Supplied material:

-=-=-=-=-

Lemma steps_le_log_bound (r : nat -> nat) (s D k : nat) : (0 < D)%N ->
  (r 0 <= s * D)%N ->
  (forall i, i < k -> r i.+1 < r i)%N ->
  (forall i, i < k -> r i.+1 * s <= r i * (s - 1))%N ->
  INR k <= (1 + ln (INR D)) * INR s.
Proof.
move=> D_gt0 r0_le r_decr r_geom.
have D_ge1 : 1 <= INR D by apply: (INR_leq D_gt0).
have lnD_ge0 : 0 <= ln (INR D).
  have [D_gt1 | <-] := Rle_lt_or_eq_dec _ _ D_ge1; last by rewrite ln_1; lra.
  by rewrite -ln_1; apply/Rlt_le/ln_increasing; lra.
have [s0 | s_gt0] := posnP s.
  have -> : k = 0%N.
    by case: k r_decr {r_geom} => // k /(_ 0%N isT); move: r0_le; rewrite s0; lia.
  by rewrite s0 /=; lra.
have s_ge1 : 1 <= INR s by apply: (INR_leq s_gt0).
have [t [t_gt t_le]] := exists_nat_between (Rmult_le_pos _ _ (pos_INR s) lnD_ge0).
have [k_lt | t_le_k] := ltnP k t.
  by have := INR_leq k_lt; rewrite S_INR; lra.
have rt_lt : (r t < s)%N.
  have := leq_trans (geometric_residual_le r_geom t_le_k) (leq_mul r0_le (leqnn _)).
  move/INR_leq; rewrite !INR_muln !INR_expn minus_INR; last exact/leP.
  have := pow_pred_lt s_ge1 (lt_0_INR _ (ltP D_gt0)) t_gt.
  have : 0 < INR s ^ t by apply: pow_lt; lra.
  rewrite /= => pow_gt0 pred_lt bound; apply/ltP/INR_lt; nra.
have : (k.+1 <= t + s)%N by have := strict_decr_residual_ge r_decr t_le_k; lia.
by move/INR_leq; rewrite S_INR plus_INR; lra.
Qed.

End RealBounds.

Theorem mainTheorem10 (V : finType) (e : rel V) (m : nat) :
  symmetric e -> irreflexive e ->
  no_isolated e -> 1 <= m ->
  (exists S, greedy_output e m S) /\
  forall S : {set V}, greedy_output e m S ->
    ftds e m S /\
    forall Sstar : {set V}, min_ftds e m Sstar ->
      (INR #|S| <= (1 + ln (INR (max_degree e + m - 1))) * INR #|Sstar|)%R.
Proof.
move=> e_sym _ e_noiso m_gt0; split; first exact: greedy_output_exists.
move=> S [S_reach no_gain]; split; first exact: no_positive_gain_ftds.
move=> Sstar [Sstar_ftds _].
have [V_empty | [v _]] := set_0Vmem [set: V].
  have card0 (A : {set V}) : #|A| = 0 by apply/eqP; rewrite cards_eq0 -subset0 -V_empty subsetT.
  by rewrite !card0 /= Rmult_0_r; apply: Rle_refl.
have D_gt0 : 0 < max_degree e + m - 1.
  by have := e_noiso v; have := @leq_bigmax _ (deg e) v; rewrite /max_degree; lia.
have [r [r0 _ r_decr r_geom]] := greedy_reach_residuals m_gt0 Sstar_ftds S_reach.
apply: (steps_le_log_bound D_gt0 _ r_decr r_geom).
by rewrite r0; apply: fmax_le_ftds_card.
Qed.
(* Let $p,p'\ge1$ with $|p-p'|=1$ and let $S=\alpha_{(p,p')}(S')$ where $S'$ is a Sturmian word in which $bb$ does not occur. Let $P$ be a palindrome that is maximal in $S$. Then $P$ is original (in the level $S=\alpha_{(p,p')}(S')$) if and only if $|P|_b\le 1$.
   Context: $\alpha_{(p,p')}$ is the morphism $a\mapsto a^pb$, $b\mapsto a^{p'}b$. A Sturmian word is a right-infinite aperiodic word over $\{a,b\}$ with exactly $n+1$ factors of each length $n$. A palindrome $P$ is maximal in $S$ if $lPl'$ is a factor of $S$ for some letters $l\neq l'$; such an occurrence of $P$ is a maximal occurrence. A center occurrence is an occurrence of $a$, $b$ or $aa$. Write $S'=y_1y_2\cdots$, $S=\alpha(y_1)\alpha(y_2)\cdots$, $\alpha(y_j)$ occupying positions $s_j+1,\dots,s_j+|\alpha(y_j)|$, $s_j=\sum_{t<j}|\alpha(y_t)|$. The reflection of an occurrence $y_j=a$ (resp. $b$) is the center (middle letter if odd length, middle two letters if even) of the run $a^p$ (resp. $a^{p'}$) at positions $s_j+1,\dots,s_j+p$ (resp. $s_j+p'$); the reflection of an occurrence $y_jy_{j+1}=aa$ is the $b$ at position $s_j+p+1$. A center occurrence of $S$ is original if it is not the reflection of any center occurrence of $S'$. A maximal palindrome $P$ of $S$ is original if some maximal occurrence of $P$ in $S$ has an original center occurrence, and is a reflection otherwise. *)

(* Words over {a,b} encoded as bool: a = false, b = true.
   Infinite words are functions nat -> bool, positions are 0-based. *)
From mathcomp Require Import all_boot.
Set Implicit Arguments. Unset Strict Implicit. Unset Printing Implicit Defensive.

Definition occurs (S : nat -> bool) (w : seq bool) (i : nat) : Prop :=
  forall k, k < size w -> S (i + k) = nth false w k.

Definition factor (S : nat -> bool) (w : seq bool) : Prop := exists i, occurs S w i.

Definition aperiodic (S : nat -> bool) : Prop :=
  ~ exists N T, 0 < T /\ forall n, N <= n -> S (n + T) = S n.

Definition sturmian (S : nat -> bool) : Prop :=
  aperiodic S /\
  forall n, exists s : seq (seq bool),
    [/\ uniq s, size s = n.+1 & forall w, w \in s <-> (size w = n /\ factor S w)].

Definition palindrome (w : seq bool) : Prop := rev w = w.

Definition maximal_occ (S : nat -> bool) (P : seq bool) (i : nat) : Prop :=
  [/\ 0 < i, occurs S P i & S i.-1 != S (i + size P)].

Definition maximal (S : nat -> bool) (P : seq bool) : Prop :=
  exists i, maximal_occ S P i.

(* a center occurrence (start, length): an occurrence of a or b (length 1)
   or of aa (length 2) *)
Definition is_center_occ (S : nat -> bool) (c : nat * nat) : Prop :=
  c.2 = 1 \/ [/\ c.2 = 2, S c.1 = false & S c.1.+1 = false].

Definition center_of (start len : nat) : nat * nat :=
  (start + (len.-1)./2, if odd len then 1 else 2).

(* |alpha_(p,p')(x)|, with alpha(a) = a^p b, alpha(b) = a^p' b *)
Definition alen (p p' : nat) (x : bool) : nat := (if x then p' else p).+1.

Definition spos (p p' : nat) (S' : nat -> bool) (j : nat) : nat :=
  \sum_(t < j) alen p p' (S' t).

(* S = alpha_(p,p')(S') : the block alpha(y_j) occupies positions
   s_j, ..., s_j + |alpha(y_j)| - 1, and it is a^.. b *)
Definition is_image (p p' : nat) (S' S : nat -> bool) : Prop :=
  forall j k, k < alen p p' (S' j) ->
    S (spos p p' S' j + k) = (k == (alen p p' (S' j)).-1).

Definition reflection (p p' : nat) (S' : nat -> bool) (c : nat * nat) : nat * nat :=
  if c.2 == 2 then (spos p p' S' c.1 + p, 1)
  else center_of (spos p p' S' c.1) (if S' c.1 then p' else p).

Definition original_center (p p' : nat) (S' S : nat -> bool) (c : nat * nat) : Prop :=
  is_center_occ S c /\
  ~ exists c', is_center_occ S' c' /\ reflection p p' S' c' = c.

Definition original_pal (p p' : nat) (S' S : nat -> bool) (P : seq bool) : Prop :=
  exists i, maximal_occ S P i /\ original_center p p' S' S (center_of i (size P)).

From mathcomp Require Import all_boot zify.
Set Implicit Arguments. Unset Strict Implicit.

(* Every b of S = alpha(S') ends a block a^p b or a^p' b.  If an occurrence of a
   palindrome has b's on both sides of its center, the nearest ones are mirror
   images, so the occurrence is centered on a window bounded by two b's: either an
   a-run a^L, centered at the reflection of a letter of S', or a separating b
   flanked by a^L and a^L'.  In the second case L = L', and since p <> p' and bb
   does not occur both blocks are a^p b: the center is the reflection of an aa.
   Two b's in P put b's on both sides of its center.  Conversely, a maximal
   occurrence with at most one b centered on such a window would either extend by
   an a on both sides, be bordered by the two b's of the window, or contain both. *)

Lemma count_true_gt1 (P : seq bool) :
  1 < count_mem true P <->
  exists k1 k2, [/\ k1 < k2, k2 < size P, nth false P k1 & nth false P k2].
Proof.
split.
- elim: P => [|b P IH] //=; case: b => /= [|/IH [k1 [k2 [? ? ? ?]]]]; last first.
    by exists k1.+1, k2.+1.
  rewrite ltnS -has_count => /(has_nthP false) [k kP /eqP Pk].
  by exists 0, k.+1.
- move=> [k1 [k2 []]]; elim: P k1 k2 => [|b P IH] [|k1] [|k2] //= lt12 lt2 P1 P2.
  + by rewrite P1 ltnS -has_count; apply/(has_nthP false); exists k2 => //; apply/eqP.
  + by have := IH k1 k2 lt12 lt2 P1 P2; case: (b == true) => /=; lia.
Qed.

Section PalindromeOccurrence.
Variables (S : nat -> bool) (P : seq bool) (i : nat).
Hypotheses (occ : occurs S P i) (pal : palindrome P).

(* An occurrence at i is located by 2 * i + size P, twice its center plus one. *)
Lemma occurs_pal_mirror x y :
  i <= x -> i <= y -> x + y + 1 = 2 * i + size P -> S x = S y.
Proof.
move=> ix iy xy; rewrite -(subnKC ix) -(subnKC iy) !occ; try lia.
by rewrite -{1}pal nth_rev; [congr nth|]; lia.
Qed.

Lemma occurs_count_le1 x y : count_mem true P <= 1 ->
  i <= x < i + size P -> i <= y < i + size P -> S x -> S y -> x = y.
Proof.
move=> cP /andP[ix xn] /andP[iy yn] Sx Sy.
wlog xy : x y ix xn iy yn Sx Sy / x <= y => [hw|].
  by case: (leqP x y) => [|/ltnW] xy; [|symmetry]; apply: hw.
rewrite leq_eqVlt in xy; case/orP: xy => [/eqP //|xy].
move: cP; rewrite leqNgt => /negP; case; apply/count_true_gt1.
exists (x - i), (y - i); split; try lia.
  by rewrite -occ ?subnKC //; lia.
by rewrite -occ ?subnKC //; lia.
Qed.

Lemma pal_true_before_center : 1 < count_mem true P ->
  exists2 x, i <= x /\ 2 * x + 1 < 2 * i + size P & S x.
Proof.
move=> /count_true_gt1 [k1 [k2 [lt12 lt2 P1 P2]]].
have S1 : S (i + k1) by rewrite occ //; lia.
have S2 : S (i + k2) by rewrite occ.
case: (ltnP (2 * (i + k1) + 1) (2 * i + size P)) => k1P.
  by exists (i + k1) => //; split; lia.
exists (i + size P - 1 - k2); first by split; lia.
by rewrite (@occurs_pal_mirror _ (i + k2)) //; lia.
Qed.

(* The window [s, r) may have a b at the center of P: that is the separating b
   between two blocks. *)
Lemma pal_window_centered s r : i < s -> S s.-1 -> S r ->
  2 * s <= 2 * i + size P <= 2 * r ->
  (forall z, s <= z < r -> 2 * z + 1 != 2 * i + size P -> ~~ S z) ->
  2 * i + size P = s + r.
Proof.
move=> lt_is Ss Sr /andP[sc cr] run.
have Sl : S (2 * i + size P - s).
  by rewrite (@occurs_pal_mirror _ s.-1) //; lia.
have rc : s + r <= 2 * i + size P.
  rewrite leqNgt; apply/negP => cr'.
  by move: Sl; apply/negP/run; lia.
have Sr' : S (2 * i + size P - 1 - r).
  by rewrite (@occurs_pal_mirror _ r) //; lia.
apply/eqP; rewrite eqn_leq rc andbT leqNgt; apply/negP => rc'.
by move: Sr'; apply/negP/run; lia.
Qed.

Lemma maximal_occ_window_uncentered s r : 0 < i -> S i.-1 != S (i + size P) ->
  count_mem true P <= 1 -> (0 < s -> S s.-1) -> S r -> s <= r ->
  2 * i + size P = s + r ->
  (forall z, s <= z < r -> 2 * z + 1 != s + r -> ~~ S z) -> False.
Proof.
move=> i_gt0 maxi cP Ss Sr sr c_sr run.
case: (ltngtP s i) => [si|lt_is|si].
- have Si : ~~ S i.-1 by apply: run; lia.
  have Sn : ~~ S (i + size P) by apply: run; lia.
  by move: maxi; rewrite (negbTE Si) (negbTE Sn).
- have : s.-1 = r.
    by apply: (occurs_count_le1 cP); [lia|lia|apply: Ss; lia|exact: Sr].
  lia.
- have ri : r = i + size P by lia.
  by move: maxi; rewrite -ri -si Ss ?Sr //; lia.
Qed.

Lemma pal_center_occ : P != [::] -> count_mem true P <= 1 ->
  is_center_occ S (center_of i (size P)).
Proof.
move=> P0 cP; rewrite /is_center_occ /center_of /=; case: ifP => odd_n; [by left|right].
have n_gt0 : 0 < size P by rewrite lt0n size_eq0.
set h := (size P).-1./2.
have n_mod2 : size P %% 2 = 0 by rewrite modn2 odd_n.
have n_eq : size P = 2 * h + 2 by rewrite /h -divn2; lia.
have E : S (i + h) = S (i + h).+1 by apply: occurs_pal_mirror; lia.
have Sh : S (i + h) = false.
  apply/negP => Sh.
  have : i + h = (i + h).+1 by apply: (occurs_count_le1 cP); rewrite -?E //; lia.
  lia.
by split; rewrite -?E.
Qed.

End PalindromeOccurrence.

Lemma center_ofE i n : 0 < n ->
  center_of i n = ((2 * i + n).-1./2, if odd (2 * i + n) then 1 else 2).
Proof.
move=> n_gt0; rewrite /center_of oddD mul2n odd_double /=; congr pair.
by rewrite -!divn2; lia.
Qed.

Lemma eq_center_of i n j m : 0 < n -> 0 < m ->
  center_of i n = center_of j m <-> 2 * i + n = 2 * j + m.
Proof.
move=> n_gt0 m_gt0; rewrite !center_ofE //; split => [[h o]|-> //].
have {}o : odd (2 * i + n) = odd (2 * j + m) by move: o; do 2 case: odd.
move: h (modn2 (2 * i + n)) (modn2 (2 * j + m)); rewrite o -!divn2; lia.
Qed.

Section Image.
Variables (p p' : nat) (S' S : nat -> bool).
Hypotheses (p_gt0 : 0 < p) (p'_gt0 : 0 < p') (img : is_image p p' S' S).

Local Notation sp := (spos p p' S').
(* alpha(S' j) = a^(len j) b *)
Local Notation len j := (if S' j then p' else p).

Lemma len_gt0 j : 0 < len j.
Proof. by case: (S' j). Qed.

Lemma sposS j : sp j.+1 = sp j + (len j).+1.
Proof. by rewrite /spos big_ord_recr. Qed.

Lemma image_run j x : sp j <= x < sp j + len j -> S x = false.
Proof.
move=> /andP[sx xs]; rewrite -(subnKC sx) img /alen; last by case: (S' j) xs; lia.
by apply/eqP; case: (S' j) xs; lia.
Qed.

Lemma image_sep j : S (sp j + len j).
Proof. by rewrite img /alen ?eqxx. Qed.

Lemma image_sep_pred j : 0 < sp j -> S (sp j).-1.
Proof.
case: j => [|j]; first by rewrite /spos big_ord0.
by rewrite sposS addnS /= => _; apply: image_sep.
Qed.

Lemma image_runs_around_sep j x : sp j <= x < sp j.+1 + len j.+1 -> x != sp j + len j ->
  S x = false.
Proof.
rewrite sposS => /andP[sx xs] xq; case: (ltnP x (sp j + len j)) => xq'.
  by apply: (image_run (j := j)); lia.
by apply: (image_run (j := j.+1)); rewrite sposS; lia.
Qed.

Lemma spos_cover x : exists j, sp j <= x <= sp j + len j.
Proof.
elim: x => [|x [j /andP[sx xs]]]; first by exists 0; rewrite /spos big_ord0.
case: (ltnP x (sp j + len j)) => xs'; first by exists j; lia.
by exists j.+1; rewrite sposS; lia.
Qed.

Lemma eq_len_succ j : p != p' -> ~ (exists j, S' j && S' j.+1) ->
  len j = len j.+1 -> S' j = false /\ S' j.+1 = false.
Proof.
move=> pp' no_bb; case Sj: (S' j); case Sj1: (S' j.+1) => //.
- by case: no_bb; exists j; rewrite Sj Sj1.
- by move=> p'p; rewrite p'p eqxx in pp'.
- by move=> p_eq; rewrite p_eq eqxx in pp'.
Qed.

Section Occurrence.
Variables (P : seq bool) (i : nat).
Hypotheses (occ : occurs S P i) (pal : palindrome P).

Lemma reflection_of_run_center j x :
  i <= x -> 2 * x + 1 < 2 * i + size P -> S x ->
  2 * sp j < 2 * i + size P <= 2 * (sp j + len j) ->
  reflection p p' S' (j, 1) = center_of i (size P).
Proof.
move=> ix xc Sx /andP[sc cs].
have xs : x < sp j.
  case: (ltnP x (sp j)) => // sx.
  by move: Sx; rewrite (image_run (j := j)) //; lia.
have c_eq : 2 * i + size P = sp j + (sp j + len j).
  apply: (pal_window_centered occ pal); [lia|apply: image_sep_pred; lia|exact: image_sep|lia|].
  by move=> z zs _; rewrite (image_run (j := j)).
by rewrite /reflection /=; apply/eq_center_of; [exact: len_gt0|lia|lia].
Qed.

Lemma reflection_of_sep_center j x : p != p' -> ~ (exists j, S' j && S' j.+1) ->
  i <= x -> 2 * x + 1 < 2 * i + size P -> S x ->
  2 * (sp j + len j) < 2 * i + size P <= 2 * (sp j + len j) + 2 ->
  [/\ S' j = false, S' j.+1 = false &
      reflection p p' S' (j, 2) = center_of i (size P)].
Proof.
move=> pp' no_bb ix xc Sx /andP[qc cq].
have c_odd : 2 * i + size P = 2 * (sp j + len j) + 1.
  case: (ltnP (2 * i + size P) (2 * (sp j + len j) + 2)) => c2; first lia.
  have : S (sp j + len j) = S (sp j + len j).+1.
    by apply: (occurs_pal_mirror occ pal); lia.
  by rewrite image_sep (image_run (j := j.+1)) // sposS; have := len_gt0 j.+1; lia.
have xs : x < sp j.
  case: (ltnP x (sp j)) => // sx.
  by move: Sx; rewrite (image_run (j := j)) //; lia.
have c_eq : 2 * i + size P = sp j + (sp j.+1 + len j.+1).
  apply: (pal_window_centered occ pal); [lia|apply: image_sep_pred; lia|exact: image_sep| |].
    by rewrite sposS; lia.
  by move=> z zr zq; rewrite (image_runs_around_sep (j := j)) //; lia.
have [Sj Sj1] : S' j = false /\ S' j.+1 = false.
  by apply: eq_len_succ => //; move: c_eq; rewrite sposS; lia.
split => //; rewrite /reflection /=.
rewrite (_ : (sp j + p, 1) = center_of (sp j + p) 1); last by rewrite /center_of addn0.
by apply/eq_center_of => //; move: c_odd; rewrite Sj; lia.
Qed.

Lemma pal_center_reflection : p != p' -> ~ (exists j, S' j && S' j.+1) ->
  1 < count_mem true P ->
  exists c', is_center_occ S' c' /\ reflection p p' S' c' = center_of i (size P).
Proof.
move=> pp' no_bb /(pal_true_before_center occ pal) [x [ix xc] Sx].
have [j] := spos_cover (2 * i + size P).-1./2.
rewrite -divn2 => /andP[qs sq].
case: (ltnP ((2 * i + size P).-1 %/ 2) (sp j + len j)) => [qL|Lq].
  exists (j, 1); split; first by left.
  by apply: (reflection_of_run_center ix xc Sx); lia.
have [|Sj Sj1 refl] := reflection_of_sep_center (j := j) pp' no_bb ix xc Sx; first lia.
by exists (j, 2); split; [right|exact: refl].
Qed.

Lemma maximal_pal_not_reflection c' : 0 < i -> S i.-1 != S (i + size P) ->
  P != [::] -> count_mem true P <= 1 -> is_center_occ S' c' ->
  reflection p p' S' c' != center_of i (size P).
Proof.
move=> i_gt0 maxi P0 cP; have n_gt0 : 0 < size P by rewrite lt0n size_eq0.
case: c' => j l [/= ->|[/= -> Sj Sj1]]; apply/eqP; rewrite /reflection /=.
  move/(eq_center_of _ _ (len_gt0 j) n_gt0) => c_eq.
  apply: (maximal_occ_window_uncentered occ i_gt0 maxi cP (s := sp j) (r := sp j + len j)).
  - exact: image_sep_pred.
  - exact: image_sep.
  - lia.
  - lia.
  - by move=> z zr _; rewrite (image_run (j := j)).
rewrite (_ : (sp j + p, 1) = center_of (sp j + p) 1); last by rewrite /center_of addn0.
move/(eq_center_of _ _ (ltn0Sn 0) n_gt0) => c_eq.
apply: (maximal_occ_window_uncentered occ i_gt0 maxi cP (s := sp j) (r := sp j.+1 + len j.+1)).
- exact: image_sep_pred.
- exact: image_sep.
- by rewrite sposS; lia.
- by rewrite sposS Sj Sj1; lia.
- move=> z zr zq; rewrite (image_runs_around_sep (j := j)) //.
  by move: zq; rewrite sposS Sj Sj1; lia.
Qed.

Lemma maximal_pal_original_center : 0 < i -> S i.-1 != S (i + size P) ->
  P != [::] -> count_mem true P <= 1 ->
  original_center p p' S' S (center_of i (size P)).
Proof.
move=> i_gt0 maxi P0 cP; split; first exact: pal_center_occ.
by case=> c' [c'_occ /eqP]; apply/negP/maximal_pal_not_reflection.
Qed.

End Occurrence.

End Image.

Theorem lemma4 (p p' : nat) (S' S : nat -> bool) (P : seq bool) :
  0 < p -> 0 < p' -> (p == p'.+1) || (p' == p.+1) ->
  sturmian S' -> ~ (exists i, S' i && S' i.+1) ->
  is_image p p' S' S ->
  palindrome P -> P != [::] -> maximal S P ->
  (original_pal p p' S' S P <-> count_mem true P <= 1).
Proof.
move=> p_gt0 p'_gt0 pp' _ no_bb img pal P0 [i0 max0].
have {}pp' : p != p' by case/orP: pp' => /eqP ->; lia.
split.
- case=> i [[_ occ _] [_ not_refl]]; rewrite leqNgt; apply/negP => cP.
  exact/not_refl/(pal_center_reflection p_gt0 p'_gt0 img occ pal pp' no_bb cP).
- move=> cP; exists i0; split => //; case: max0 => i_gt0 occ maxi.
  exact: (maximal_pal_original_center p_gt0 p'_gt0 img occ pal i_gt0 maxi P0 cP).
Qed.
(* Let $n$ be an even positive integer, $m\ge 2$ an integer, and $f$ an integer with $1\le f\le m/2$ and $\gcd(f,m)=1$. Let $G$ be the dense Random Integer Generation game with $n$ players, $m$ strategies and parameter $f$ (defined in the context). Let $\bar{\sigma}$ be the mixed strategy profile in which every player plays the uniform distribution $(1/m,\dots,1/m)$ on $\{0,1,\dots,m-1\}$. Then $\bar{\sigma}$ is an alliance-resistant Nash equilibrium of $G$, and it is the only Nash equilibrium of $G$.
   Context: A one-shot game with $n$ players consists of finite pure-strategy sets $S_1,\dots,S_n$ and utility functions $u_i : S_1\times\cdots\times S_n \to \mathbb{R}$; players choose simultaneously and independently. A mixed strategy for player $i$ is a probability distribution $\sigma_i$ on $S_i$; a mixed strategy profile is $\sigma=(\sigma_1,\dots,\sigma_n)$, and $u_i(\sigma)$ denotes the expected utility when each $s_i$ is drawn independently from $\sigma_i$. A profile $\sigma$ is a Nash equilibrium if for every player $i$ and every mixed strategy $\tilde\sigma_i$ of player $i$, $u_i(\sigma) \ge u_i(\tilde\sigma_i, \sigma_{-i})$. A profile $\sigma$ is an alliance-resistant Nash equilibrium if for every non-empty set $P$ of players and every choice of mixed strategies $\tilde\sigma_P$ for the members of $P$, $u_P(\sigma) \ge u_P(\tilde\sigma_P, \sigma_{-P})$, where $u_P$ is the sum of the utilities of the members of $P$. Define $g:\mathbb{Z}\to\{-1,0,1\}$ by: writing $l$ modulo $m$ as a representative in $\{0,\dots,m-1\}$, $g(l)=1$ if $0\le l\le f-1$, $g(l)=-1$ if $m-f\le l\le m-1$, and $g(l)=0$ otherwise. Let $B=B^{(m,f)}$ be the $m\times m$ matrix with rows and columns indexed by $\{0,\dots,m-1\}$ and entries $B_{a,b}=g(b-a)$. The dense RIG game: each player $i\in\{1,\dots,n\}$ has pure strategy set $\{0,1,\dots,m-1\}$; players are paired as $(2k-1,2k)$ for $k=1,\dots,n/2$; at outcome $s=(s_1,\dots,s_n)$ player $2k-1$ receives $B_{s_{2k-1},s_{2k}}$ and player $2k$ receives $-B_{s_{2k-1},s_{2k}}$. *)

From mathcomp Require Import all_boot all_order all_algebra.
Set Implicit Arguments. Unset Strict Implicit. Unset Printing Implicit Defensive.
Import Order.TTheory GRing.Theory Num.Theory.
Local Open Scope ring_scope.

-=-=-=-=-

Try it:
Repeat the material exactly. Begin with its first line and end with the line that has "have [r [r0".

Task response:
Lemma steps_le_log_bound (r : nat -> nat) (s D k : nat) : (0 < D)%N ->
  (r 0 <= s * D)%N ->
  (forall i, i < k -> r i.+1 < r i)%N ->
  (forall i, i < k -> r i.+1 * s <= r i * (s - 1))%N ->
  INR k <= (1 + ln (INR D)) * INR s.
Proof.
move=> D_gt0 r0_le r_decr r_geom.
have D_ge1 : 1 <= INR D by apply: (INR_leq D_gt0).
have lnD_ge0 : 0 <= ln (INR D).
  have [D_gt1 | <-] := Rle_lt_or_eq_dec _ _ D_ge1; last by rewrite ln_1; lra.
  by rewrite -ln_1; apply/Rlt_le/ln_increasing; lra.
have [s0 | s_gt0] := posnP s.
  have -> : k = 0%N.
    by case: k r_decr {r_geom} => // k /(_ 0%N isT); move: r0_le; rewrite s0; lia.
  by rewrite s0 /=; lra.
have s_ge1 : 1 <= INR s by apply: (INR_leq s_gt0).
have [t [t_gt t_le]] := exists_nat_between (Rmult_le_pos _ _ (pos_INR s) lnD_ge0).
have [k_lt | t_le_k] := ltnP k t.
  by have := INR_leq k_lt; rewrite S_INR; lra.
have rt_lt : (r t < s)%N.
  have := leq_trans (geometric_residual_le r_geom t_le_k) (leq_mul r0_le (leqnn _)).
  move/INR_leq; rewrite !INR_muln !INR_expn minus_INR; last exact/leP.
  have := pow_pred_lt s_ge1 (lt_0_INR _ (ltP D_gt0)) t_gt.
  have : 0 < INR s ^ t by apply: pow_lt; lra.
  rewrite /= => pow_gt0 pred_lt bound; apply/ltP/INR_lt; nra.
have : (k.+1 <= t + s)%N by have := strict_decr_residual_ge r_decr t_le_k; lia.
by move/INR_leq; rewrite S_INR plus_INR; lra.
Qed.

End RealBounds.

Theorem mainTheorem10 (V : finType) (e : rel V) (m : nat) :
  symmetric e -> irreflexive e ->
  no_isolated e -> 1 <= m ->
  (exists S, greedy_output e m S) /\
  forall S : {set V}, greedy_output e m S ->
    ftds e m S /\
    forall Sstar : {set V}, min_ftds e m Sstar ->
      (INR #|S| <= (1 + ln (INR (max_degree e + m - 1))) * INR #|Sstar|)%R.
Proof.
move=> e_sym _ e_noiso m_gt0; split; first exact: greedy_output_exists.
move=> S [S_reach no_gain]; split; first exact: no_positive_gain_ftds.
move=> Sstar [Sstar_ftds _].
have [V_empty | [v _]] := set_0Vmem [set: V].
  have card0 (A : {set V}) : #|A| = 0 by apply/eqP; rewrite cards_eq0 -subset0 -V_empty subsetT.
  by rewrite !card0 /= Rmult_0_r; apply: Rle_refl.
have D_gt0 : 0 < max_degree e + m - 1.
  by have := e_noiso v; have := @leq_bigmax _ (deg e) v; rewrite /max_degree; lia.
have [r [r0 _ r_decr r_geom]] := greedy_reach_residuals m_gt0 Sstar_ftds S_reach.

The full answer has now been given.